I anoint Barbara Stanwyck as 60's, if not all-time, scream queen after seeing TCM's new disc release of The Night Walker, paired with Dark Intruder to tie ribbon on obscurities fan-base has begged for. Should it matter that both are mediocre-minus transfers? Depends on intensity of your want. Mine was reckless enough to order sight (or review) unseen. Lesson learned again --- don't wade out till you know murk of the water. Sole compensation is The Night Walker being 1.85 and plenty fun, sort of a jazzed-up Thriller episode with bigger stars and wider frame for poverty of art direction. What was the difference between features and TV at Universal? Answer: Practically none under weighty thumb of Lew Wasserman, U's chief baker whose bread always seemed three days old, him not worthy to associate with Hitchcock in any capacity other than agent, but born to tie-in with William Castle on downward arc of latter's shlock ride.
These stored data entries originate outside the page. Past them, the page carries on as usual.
Lemma cpoly_minus (c1 c2 : nat -> R) (d : nat) (x : R) :
  cpoly (fun k => c1 k - c2 k) d x = cpoly c1 d x - cpoly c2 d x.
Proof. unfold cpoly. rewrite <- minus_sum. apply sum_eq; intros; ring. Qed.

Lemma cpoly_scal (r : R) (c : nat -> R) (d : nat) (x : R) :
  cpoly (fun k => r * c k) d x = r * cpoly c d x.
Proof.
  induction d as [|d IHd]; [unfold cpoly; simpl; ring|].
  rewrite !cpoly_S, IHd. ring.
Qed.

Lemma cpoly_cshift (c : nat -> R) (d : nat) (x : R) :
  cpoly (cshift c) (S d) x = x * cpoly c d x.
Proof.
  induction d as [|d IHd]; [unfold cpoly; simpl; ring|].
  rewrite cpoly_S, IHd, cpoly_S. simpl. ring.
Qed.

Lemma cpoly_iter_cshift (j : nat) (c : nat -> R) (d : nat) (x : R) :
  cpoly (Nat.iter j cshift c) (j + d) x = x ^ j * cpoly c d x.
Proof.
  induction j as [|j IHj]; simpl; [ring|].
  rewrite cpoly_cshift, IHj. ring.
Qed.

Lemma cpoly_widen (c : nat -> R) (d e : nat) (x : R) :
  deg_le c d -> (d <= e)%nat -> cpoly c e x = cpoly c d x.
Proof.
  intros Hc Hde. induction Hde as [|e Hde IH]; auto.
  rewrite cpoly_S, IH, Hc by lia. ring.
Qed.

Lemma deg_le_cderiv (c : nat -> R) (d : nat) : deg_le c d -> deg_le (cderiv c) d.
Proof. intros Hc k Hk. unfold cderiv. rewrite Hc by lia. ring. Qed.

Lemma deg_le_cshift (c : nat -> R) (d : nat) : deg_le c d -> deg_le (cshift c) (S d).
Proof. intros Hc [|k] Hk; [lia|]. apply Hc; lia. Qed.

Lemma deg_le_iter_cshift (j : nat) (c : nat -> R) (d : nat) :
  deg_le c d -> deg_le (Nat.iter j cshift c) (j + d).
Proof. intros Hc. induction j; simpl; auto. apply deg_le_cshift; auto. Qed.

Lemma iter_cshift (j : nat) (c : nat -> R) (k : nat) :
  Nat.iter j cshift c (k + j)%nat = c k.
Proof.
  induction j as [|j IHj]; simpl; [rewrite Nat.add_0_r; reflexivity|].
  rewrite Nat.add_succ_r. exact IHj.
Qed.

Lemma derivable_pt_lim_cpoly_S (c : nat -> R) (d : nat) (x : R) :
  derivable_pt_lim (cpoly c (S d)) x (cpoly (cderiv c) d x).
Proof.
  induction d as [|d IHd].
  - unfold cpoly, cderiv; simpl.
    replace (1 * c 1%nat * 1) with (0 + c 1%nat * (INR 1 * x ^ pred 1)) by (simpl; ring).
    apply (derivable_pt_lim_plus (fun _ => c 0%nat * 1) (fun t => c 1%nat * t ^ 1)).
    + apply derivable_pt_lim_const.
    + apply derivable_pt_lim_scal, derivable_pt_lim_pow.
  - replace (cpoly c (S (S d))) with (fun t => cpoly c (S d) t + c (S (S d)) * t ^ S (S d))
      by (apply functional_extensionality; reflexivity).
    rewrite cpoly_S. unfold cderiv at 2.
    replace (INR (S (S d)) * c (S (S d)) * x ^ S d)
      with (c (S (S d)) * (INR (S (S d)) * x ^ pred (S (S d)))) by (simpl; ring).
    apply derivable_pt_lim_plus; [exact IHd|].
    apply derivable_pt_lim_scal, derivable_pt_lim_pow.
Qed.

Lemma derivable_pt_lim_cpoly (c : nat -> R) (d : nat) (x : R) :
  deg_le c d -> derivable_pt_lim (cpoly c d) x (cpoly (cderiv c) d x).
Proof.
  intros Hc. destruct d as [|d].
  - replace (cpoly (cderiv c) 0 x) with 0
      by (unfold cpoly, cderiv; simpl; rewrite (Hc 1%nat) by lia; ring).
    change (derivable_pt_lim (fun _ => c 0%nat * 1) x 0). apply derivable_pt_lim_const.
  - rewrite cpoly_S. unfold cderiv at 2. rewrite (Hc (S (S d))) by lia.
    rewrite Rmult_0_r, Rmult_0_l, Rplus_0_r. apply derivable_pt_lim_cpoly_S.
Qed.

Lemma Dx_cpoly (c : nat -> R) (d : nat) :
  deg_le c d -> Defs.Dx (cpoly c d) = cpoly (cderiv c) d.
Proof. intros Hc. apply Dx_derivable_pt_lim. intros; apply derivable_pt_lim_cpoly, Hc. Qed.

Lemma Dxn_cpoly (i : nat) (c : nat -> R) (d : nat) :
  deg_le c d -> Dxn i (cpoly c d) = cpoly (Nat.iter i cderiv c) d.
Proof.
  intros Hc. induction i as [|i IHi]; [reflexivity|].
  rewrite Dxn_S, IHi, Nat.iter_succ. apply Dx_cpoly.
  clear IHi. induction i; simpl; auto using deg_le_cderiv.
Qed.

Lemma poch_S_l (a : R) (i : nat) : poch a (S i) = a * poch (a + 1) i.
Proof.
  induction i as [|i IHi]; [simpl; ring|].
  change (poch a (S i) * (a + INR (S i)) = a * (poch (a + 1) i * (a + 1 + INR i))).
  rewrite IHi, S_INR. ring.
Qed.

Ltac expand_factorials :=
  repeat rewrite ?Nat.add_succ_r, ?Nat.add_succ_l, ?Nat.add_0_r, ?Nat.add_0_l;
  rewrite !fact_simpl, !mult_INR, !S_INR, ?plus_INR;
  change (INR (fact 0)) with 1; change (INR 0) with 0.

Ltac field_INR :=
  repeat match goal with
  | v : nat |- _ => assert_fails (assert (0 <= INR v) by assumption); pose proof (pos_INR v)
  end;
  field; repeat split; first [apply INR_fact_neq_0 | lra].

Lemma poch_INR_S (g n : nat) : poch (INR (S g)) n = INR (fact (g + n)) / INR (fact g).
Proof.
  induction n as [|n IHn]; cbn [poch].
  - rewrite Nat.add_0_r. field. apply INR_fact_neq_0.
  - rewrite IHn, Nat.add_succ_r. expand_factorials. field_INR.
Qed.

Lemma poch_opp_INR_0 (n k : nat) : (n < k)%nat -> poch (- INR n) k = 0.
Proof.
  intros Hk. induction k as [|k IHk]; [lia|]. simpl.
  destruct (Nat.eq_dec k n) as [->|Hne]; [ring|].
  rewrite IHk by lia. ring.
Qed.

Lemma poch_opp_INR_S (m i : nat) : poch (- INR (S m)) (S i) = - INR (S m) * poch (- INR m) i.
Proof. rewrite poch_S_l, S_INR. do 2 f_equal. ring. Qed.

Lemma iter_cderiv (i : nat) (c : nat -> R) (k : nat) :
  Nat.iter i cderiv c k = poch (INR (S k)) i * c (k + i)%nat.
Proof.
  revert k. induction i as [|i IHi]; intros k.
  - rewrite Nat.add_0_r. simpl. ring.
  - rewrite Nat.iter_succ. unfold cderiv. rewrite IHi, Nat.add_succ_r, <- Nat.add_succ_l.
    rewrite !poch_INR_S. expand_factorials. field_INR.
Qed.

Lemma Dxn_cpoly_deg_lt (i : nat) (c : nat -> R) (d : nat) :
  deg_le c d -> (d < i)%nat -> Dxn i (cpoly c d) = (fun _ => 0).
Proof.
  intros Hc Hdi. rewrite Dxn_cpoly by exact Hc.
  apply functional_extensionality; intro x. apply cpoly_zero; intro k.
  rewrite iter_cderiv, Hc by lia. ring.
Qed.

Definition lag_coef (n g k : nat) : R :=
  poch (INR g + 1) n / INR (fact n) *
  (poch (- INR n) k / (poch (INR g + 1) k * INR (fact k))).

Lemma Laguerre_cpoly (n g : nat) : Laguerre n (INR g) = cpoly (lag_coef n g) n.
Proof.
  apply functional_extensionality; intro x. unfold Laguerre, cpoly, lag_coef.
  rewrite scal_sum. apply sum_eq. intros; ring.
Qed.

Lemma deg_le_lag_coef (n g : nat) : deg_le (lag_coef n g) n.
Proof. intros k Hk. unfold lag_coef. rewrite poch_opp_INR_0 by exact Hk. unfold Rdiv; ring. Qed.

Lemma lag_coef_sub_cderiv (m h k : nat) :
  lag_coef m h k - cderiv (lag_coef m h) k = lag_coef m (S h) k.
Proof.
  unfold cderiv, lag_coef. rewrite <- !S_INR, !poch_INR_S.
  change (poch (- INR m) (S k)) with (poch (- INR m) k * (- INR m + INR k)).
  expand_factorials. field_INR.
Qed.

Lemma derivable_pt_lim_Laguerre (m h : nat) (x : R) :
  derivable_pt_lim (Laguerre m (INR h)) x (Laguerre m (INR h) x - Laguerre m (INR (S h)) x).
Proof.
  rewrite !Laguerre_cpoly.
  eapply derivable_pt_lim_eq; [|apply derivable_pt_lim_cpoly, deg_le_lag_coef].
  rewrite <- (cpoly_ext _ _ _ _ (lag_coef_sub_cderiv m h)), cpoly_minus. ring.
Qed.

Lemma derivable_pt_lim_exp_Laguerre (m h : nat) (C P Q x : R) :
  derivable_pt_lim
    (fun t => C * exp (- t) * (P * Laguerre m (INR (S h)) t + Q * Laguerre m (INR h) t)) x
    (- C * exp (- x) * (P * Laguerre m (INR (S (S h))) x + Q * Laguerre m (INR (S h)) x)).
Proof.
  pose proof (derivable_pt_lim_scal _ C x _ (derivable_pt_lim_exp_opp x)) as Hexp.
  pose proof (derivable_pt_lim_plus _ _ x _ _
    (derivable_pt_lim_scal _ P x _ (derivable_pt_lim_Laguerre m (S h) x))
    (derivable_pt_lim_scal _ Q x _ (derivable_pt_lim_Laguerre m h x))) as Hlag.
  eapply derivable_pt_lim_eq; [|exact (derivable_pt_lim_mult _ _ x _ _ Hexp Hlag)].
  unfold mult_real_fct, plus_fct. ring.
Qed.

Lemma Dxn_exp_Laguerre (i m h : nat) (P Q : R) :
  Dxn i (fun t => exp (- t) * (P * Laguerre m (INR (S h)) t + Q * Laguerre m (INR h) t)) =
  (fun t => (-1) ^ i * exp (- t) *
            (P * Laguerre m (INR (S h + i)) t + Q * Laguerre m (INR (h + i)) t)).
Proof.
  induction i as [|i IHi].
  - apply functional_extensionality; intro t. rewrite !Nat.add_0_r. simpl. ring.
  - rewrite Dxn_S, IHi, !Nat.add_succ_r, <- Nat.add_succ_l. apply Dx_derivable_pt_lim; intro x.
    eapply derivable_pt_lim_eq; [|apply (derivable_pt_lim_exp_Laguerre m (h + i))].
    simpl. ring.
Qed.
Castle linked with Universal for a mid-60's trio, intended to be five, plus a possible TV series "a la Hitchcock," but the association stopped after three, each less gimmick laden than chillers that gave Bill a name. Could Hitchcock have quelled fulfillment of the deal, as he had allegedly used influence to get Thriller cancelled? I wonder too if Castle and Hitchcock passed each other on ways in/out of the commissary. Maybe not, as AH took meals in his bungalow, and I doubt he invited Bill to join. Each had imitated the other, gone after similar markets, no love lost between them, though whatever $ Castle could bring U would be shared by major stockholder Hitchcock (The Night Walker used Psycho-scribe Robert Bloch, and Castle's last several pics had borrowed heavily off Psycho's blueprint). Universal was for covering thriller bases at both class and cheap level, thus Marnie to grace first-runs in '64, The Night Walker for grinds. There was a "commissary cocktail party" to kick off the latter, as reported by Army Archerd on 5/14/64, co-stars Barbara Stanwyck and Robert Taylor in attendance, with Joan Crawford sending congratulatory wire and hope they'd duplicate her socko Castle partnership that was Straight-Jacket of the previous year.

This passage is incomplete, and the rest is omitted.